• [THE DATA]
○ ○ ○ ○ ○ ○ ○

(* The relation [annihilates] multiplied by [z ^+ j], with the state term moved
   into input terms by [dot_state_shift]. *)
Definition shifted_coef j p :=
  if (j <= p)%N then eta (p - j) else xi *m A ^+ (j - p.+1) *m B.

Lemma wpair_shifted_coef j z x u : (L + j <= N)%N -> sample z x u ->
  wpair N (shifted_coef j) z u = - dot (xi *m A ^+ j) x.
Proof.
move=> hj hs; rewrite /wpair (@big_cat_nat _ _ _ j) //=; last by lia.
rewrite (@eq_big_nat _ _ _ 0 j _ (fun p => z ^+ p * dot (xi *m A ^+ (j - p.+1) *m B) u));
  last by move=> p /andP[_ hp]; rewrite /shifted_coef ifF //; lia.
rewrite -[X in \sum_(X <= _ < N) _](add0n j) big_addn.
rewrite (@eq_big_nat _ _ _ 0 (N - j) _ (fun p => z ^+ j * (z ^+ p * dot (eta p) u)));
  last by move=> p _; rewrite /shifted_coef ifT ?addnK ?exprD 1?mulrCA ?mulrA //; lia.
rewrite -mulr_sumr [\sum_(0 <= i < N - j) _](@big_cat_nat _ _ _ L) //=; last by lia.
rewrite [X in _ + _ * (_ + X)]big_nat_cond [X in _ + _ * (_ + X)]big1 ?addr0; last first.
  by move=> p /andP[/andP[hp _] _]; rewrite eta_supp ?dot0l ?mulr0.
have := dot_state_shift xi j hs => /(congr1 (fun t => t - dot (xi *m A ^+ j) x)).
rewrite addrAC subrr add0r => <-.
have := annihilates hs => /(congr1 (fun t => z ^+ j * t)).
by rewrite mulr0 mulrDr /wpair => H; rewrite addrAC H add0r.
Qed.

Hypothesis excN : exciting N.
Hypothesis orderN : (L + nx <= N)%N.

Lemma annihilator_input_eq0 : forall l, eta l = 0.
Proof.
have [al [al1 alA]] := monic_annihilating_combination A.
pose c p := \sum_(0 <= j < nx.+1) al j *: shifted_coef j p.
have c0 p : (p < N)%N -> c p = 0.
  apply: excN p => z x u hs; rewrite /wpair.
  under eq_bigr do rewrite /c dot_suml mulr_sumr.
  rewrite exchange_big /= (@eq_big_nat _ _ _ 0 nx.+1 _
    (fun j => - dot (al j *: (xi *m A ^+ j)) x)); last first.
    move=> j /andP[_ hj]; rewrite dotZl -mulrN -(wpair_shifted_coef _ hs); last by lia.
    by rewrite /wpair mulr_sumr; apply: eq_bigr => p _; rewrite dotZl mulrCA.
  rewrite sumrN -dot_suml; under eq_bigr do rewrite scalemxAr.
  by rewrite -mulmx_sumr alA mulmx0 dot0l oppr0.
(* The leading term of [c (nx + d)] is [eta d]; the others involve [eta] above [d]. *)
have top d : (d < L)%N -> (forall l, (d < l)%N -> eta l = 0) -> eta d = 0.
  move=> hd hgt; have := c0 (nx + d)%N; rewrite /c big_nat_recr //= /shifted_coef.
  rewrite leq_addr addKn al1 scale1r big_nat_cond big1 ?add0r; first by apply; lia.
  by move=> j /andP[/andP[_ hj] _]; rewrite ifT ?hgt ?scaler0 //; lia.
have down k : forall l, (L - k <= l)%N -> eta l = 0.
  elim: k => [|k IH] l hl; first by apply: eta_supp; rewrite subn0 in hl.
  have [/IH //|hlt] := leqP (L - k) l.
  by apply: top => [|l' hl']; [lia | apply: IH; lia].
by move=> l; apply: (down L); lia.
Qed.

End Annihilator.

Lemma annihilator_state_step N (xi : 'rV[F]_nx) : exciting N -> (1 + nx <= N)%N ->
  (forall z x u, sample z x u -> dot xi x = 0) ->
  xi *m B = 0 /\ (forall z x u, sample z x u -> dot (xi *m A) x = 0).
Proof.
move=> excN hN hx.
have shift z x u : sample z x u -> dot (xi *m A) x + dot (xi *m B) u = 0.
  move=> hs; have := hx _ _ _ hs => /(congr1 (fun t => z * t)).
  by rewrite mulr0 -dotZr (sample_state hs) dotDr -!dotA.
pose eta l := if l == 0%N then xi *m B else 0.
have xiB0 : xi *m B = 0.
  apply: (@annihilator_input_eq0 N 1 (xi *m A) eta _ _ excN hN 0) => [[]//|z x u hs].
  by rewrite /wpair big_nat1 expr0 mul1r (shift _ _ _ hs).
by split=> // z x u /shift; rewrite xiB0 dot0l addr0.
Qed.

Lemma annihilator_state_ctrb N (xi : 'rV[F]_nx) : exciting N -> (1 + nx <= N)%N ->
  (forall z x u, sample z x u -> dot xi x = 0) -> forall k, xi *m A ^+ k *m B = 0.
Proof.
move=> excN hN hx k; elim: k xi hx => [|k IH] xi hx.
  by rewrite expr0 mulmx1; case: (annihilator_state_step excN hN hx).
by rewrite exprS mulmxA; apply: IH; case: (annihilator_state_step excN hN hx).
Qed.

End SampleAnnihilators.

Section TensorBlocks.
Variable F : fieldType.

(* The [l]-th length-[n] block of a row vector indexed like [W_N (x) V]; zero for [l >= N]. *)
Definition tens_block N n (v : 'rV[F]_(N * n)) (l : nat) : 'rV[F]_n :=
  if insub l is Some o then \row_k v 0 (mxtens_index (o, k)) else 0.

Lemma tens_blockE N n (v : 'rV[F]_(N * n)) (o : 'I_N) :
  tens_block v o = \row_k v 0 (mxtens_index (o, k)).
Proof. by rewrite /tens_block valK. Qed.

Lemma tens_block_out N n (v : 'rV[F]_(N * n)) l : (N <= l)%N -> tens_block v l = 0.
Proof. by move=> h; rewrite /tens_block insubN // -leqNgt. Qed.

Lemma tens_block0 N n l : tens_block (0 : 'rV[F]_(N * n)) l = 0.
Proof. by rewrite /tens_block; case: insub => // o; apply/rowP => k; rewrite !mxE. Qed.

Lemma tens_block_eq0 N n (v : 'rV[F]_(N * n)) : (forall l, tens_block v l = 0) -> v = 0.
Proof.
move=> H; apply/matrixP => a r; rewrite (ord1 a); case: (mxtens_indexP r) => o k.
by have := congr1 (fun M : 'rV_n => M 0 k) (H o); rewrite tens_blockE !mxE.
Qed.

Lemma sum_mxtens_index N n (f : 'I_(N * n) -> F) :
  \sum_r f r = \sum_(l < N) \sum_(k < n) f (mxtens_index (l, k)).
Proof.
rewrite pair_big (reindex (@mxtens_index N n)) /=; first by apply: eq_bigr => -[].
by exists (@mxtens_unindex N n) => x _; rewrite ?mxtens_indexK ?mxtens_unindexK.
Qed.

End TensorBlocks.

Lemma map_mxrow (T U : Type) (f : T -> U) m q (q_ : 'I_q -> nat)
    (B_ : forall j, 'M[T]_(m, q_ j)) :
  map_mx f (\mxrow_j B_ j) = \mxrow_j map_mx f (B_ j).
Proof. by apply/matrixP => i k; rewrite !mxE. Qed.

Section ComplexMatrices.
Variable R : realType.
Local Notation C := R[i].

Lemma expjD (a b : R) : expj (a + b) = expj a * expj b.
Proof. by rewrite /expj cosD sinD; simpc; congr Complex; ring. Qed.

Lemma expjMn (w : R) l : expj (w * l%:R) = expj w ^+ l.
Proof.
elim: l => [|l IH]; first by rewrite mulr0 /expj cos0 sin0 expr0.
by rewrite mulrS mulrDr mulr1 expjD IH exprS.
Qed.

Lemma mxconj_cmx m n (M : 'M[R]_(m, n)) : mxconj (cmx M) = cmx M.
Proof. by apply/matrixP => i j; rewrite !mxE conjc_real. Qed.

Lemma mxconjM m n p (M1 : 'M[C]_(m, n)) (M2 : 'M[C]_(n, p)) :
  mxconj (M1 *m M2) = mxconj M1 *m mxconj M2.
Proof. exact: map_mxM. Qed.

Lemma mxconj_tr m n (M : 'M[C]_(m, n)) : mxconj M^T = (mxconj M)^T.
Proof. by apply/matrixP => i j; rewrite !mxE. Qed.

Lemma cmxM m n p (M1 : 'M[R]_(m, n)) (M2 : 'M[R]_(n, p)) :
  cmx (M1 *m M2) = cmx M1 *m cmx M2.
Proof. exact: (map_mxM (real_complex R)). Qed.

Lemma cmxX n (M1 : 'M[R]_n) k : cmx (M1 ^+ k) = cmx M1 ^+ k.
Proof.
elim: k => [|k IH]; first by apply/matrixP => i j; rewrite !mxE; case: (i == j).
by rewrite !exprS -IH cmxM.
Qed.

Lemma ctrb_left_kernel nx nu (A : 'M[R]_nx) (B : 'M[R]_(nx, nu)) (xi : 'rV[C]_nx) :
  controllable A B -> (forall k, xi *m cmx A ^+ k *m cmx B = 0) -> xi = 0.
Proof.
move=> hctrb hxi; have hfree : row_free (cmx (ctrb_mx A B)).
  by rewrite /row_free mxrank_map hctrb.
apply: (row_free_inj hfree); rewrite mul0mx /ctrb_mx /cmx map_mxrow mul_mxrow.
by apply/mxrowP => k; rewrite mxrowK submxrow0 -/(cmx _) cmxM cmxX mulmxA.
Qed.

Lemma mulmx_FL L nv M (V : 'I_M -> 'cV[C]_nv) om (v : 'rV[C]_(L * nv)) m :
  (v *m FL L V om) 0 m = wpair L (tens_block v) (expj (om m)) (V m).
Proof.
rewrite mxE sum_mxtens_index /wpair big_mkord; apply: eq_bigr => l _.
rewrite /dot mxE mulr_sumr; apply: eq_bigr => k _.
by rewrite tens_blockE !mxE !mxtens_indexK /= (ord1 (Ordinal _)) expjMn mulrCA.
Qed.

Lemma mulmx_mxconj_FL L nv M (V : 'I_M -> 'cV[C]_nv) om (v : 'rV[C]_(L * nv)) m :
  (v *m mxconj (FL L V om)) 0 m =
  wpair L (tens_block v) (expj (om m))^*%C (mxconj (V m)).
Proof.
rewrite mxE sum_mxtens_index /wpair big_mkord; apply: eq_bigr => l _.
rewrite /dot mxE mulr_sumr; apply: eq_bigr => k _.
rewrite tens_blockE !mxE !mxtens_indexK /= (ord1 (Ordinal _)).
by rewrite expjMn rmorphM rmorphXn mulrCA.
Qed.

Lemma Re_sum I (r : seq I) (P : pred I) (f : I -> C) :
  complex.Re (\sum_(i <- r | P i) f i) = \sum_(i <- r | P i) complex.Re (f i).
Proof. by elim/big_rec2: _ => // i a b _ <-; case: (f i); case: b. Qed.

Lemma Re_conjC (z : C) : complex.Re z^*%C = complex.Re z.
Proof. by case: z. Qed.

Lemma Re_mul_conjC (x : C) :
  complex.Re (x * x^*%C) = complex.Re x ^+ 2 + complex.Im x ^+ 2.
Proof. by case: x => [a b]; simpc => /=; ring. Qed.

Lemma sqr_Re_Im_gt0 (z : C) : z != 0 -> 0 < complex.Re z ^+ 2 + complex.Im z ^+ 2.
Proof.
case: z => a b hz /=; rewrite lt_neqAle addr_ge0 ?sqr_ge0 // andbT eq_sym.
rewrite paddr_eq0 ?sqr_ge0 // !sqrf_eq0.
by apply: contra hz => /andP[/eqP -> /eqP ->].
Qed.

Lemma Remx_quad n (x : 'cV[R]_n) (P : 'M[C]_n) :
  (x^T *m Remx P *m x) 0 0 = complex.Re (((cmx x)^T *m P *m cmx x) 0 0).
Proof.
rewrite !mxE [RHS](Re_sum (index_enum _)); apply: eq_bigr => j _.
rewrite !mxE mulr_suml [in RHS]mulr_suml [RHS](Re_sum (index_enum _)).
by apply: eq_bigr => k _; rewrite !mxE; case: (P k j) => a b; simpc => /=; ring.
Qed.

Lemma Remx_gram_tr n m (G : 'M[C]_(n, m)) :
  (Remx (G *m ctrmx G))^T = Remx (G *m ctrmx G).
Proof.
apply/matrixP => a b; rewrite !mxE -[RHS]Re_conjC.
rewrite rmorph_sum; congr complex.Re; apply: eq_bigr => k _.
by rewrite !mxE rmorphM /= conjcK mulrC.
Qed.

○ ○ ○ ○ ○ ○ ○

• [ASSIGNMENT]
Return, from the entries, each line that holds "forall".

• [OUTPUT BELOW]
Lemma annihilator_input_eq0 : forall l, eta l = 0.
have top d : (d < L)%N -> (forall l, (d < l)%N -> eta l = 0) -> eta d = 0.
have down k : forall l, (L - k <= l)%N -> eta l = 0.
  (forall z x u, sample z x u -> dot xi x = 0) ->
  xi *m B = 0 /\ (forall z x u, sample z x u -> dot (xi *m A) x = 0).
  (forall z x u, sample z x u -> dot xi x = 0) -> forall k, xi *m A ^+ k *m B = 0.
Lemma tens_block_eq0 N n (v : 'rV[F]_(N * n)) : (forall l, tens_block v l = 0) -> v = 0.
    (B_ : forall j, 'M[T]_(m, q_ j)) :
  controllable A B -> (forall k, xi *m cmx A ^+ k *m cmx B = 0) -> xi = 0.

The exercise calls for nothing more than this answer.